TASK DETAILS
Write out exactly the lines from the start of the entries through the one that contains "Definition fs_supp (f", including both.

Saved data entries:
● ● ● ● ● ● ●

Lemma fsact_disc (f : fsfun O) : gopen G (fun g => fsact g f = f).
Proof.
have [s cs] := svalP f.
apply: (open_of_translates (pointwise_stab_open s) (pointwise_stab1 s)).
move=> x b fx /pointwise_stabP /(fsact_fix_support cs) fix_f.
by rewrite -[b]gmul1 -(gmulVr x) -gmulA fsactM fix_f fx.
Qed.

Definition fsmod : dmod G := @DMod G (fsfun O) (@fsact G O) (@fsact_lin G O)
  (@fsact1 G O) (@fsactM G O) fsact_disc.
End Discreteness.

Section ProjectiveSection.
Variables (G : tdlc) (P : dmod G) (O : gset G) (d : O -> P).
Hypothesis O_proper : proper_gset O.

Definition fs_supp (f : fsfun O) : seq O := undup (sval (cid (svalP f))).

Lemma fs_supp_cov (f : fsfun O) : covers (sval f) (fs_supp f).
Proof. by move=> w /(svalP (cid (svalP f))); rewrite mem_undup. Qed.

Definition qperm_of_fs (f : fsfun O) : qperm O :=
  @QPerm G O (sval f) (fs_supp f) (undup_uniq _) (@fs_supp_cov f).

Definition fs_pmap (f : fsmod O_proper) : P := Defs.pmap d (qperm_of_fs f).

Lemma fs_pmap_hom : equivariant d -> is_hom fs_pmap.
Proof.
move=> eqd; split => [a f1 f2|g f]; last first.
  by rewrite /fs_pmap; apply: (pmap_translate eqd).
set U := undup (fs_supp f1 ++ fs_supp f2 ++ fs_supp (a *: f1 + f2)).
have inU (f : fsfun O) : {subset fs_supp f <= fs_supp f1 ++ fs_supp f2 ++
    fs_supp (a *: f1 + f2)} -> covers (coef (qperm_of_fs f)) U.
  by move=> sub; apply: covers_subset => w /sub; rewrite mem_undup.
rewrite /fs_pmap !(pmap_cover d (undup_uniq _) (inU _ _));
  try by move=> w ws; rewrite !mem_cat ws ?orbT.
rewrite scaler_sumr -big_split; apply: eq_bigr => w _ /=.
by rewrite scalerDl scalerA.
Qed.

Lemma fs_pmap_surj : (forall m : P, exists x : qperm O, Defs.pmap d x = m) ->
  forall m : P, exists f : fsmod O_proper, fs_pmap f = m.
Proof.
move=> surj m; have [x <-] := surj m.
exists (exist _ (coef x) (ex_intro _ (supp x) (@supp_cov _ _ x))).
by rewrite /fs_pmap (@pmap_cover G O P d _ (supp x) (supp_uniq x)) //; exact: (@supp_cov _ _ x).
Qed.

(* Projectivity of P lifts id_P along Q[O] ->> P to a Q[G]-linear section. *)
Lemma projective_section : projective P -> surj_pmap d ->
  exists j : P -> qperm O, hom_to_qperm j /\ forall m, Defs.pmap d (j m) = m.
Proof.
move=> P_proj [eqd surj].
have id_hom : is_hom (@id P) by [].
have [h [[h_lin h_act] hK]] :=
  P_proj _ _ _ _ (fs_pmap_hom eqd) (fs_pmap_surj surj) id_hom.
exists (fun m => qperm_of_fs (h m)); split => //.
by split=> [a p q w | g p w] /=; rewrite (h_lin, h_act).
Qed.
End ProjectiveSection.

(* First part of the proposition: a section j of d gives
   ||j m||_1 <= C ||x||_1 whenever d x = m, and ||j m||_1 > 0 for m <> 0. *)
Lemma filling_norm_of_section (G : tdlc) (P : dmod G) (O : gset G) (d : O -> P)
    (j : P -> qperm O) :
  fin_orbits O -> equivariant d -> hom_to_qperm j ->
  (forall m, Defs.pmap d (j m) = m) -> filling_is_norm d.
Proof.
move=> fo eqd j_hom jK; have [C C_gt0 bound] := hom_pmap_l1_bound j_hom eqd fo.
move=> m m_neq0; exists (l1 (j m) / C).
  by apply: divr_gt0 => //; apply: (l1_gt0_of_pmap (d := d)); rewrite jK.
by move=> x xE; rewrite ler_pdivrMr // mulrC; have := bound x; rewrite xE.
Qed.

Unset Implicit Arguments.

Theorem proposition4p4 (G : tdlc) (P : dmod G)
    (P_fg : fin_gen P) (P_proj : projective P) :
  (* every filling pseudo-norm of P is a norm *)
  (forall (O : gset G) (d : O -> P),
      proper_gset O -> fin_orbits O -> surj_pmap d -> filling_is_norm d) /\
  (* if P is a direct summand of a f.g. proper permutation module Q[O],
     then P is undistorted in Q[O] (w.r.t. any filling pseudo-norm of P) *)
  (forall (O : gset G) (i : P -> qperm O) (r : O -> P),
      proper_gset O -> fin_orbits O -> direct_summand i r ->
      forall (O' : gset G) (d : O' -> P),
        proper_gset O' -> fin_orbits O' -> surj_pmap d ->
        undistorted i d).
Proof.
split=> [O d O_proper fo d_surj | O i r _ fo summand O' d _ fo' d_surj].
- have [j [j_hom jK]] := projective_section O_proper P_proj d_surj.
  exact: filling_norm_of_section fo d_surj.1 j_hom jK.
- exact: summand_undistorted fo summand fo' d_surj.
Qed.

● ● ● ● ● ● ●

SOLVED PROBLEM
Lemma fsact_disc (f : fsfun O) : gopen G (fun g => fsact g f = f).
Proof.
have [s cs] := svalP f.
apply: (open_of_translates (pointwise_stab_open s) (pointwise_stab1 s)).
move=> x b fx /pointwise_stabP /(fsact_fix_support cs) fix_f.
by rewrite -[b]gmul1 -(gmulVr x) -gmulA fsactM fix_f fx.
Qed.

Definition fsmod : dmod G := @DMod G (fsfun O) (@fsact G O) (@fsact_lin G O)
  (@fsact1 G O) (@fsactM G O) fsact_disc.
End Discreteness.

Section ProjectiveSection.
Variables (G : tdlc) (P : dmod G) (O : gset G) (d : O -> P).
Hypothesis O_proper : proper_gset O.

Definition fs_supp (f : fsfun O) : seq O := undup (sval (cid (svalP f))).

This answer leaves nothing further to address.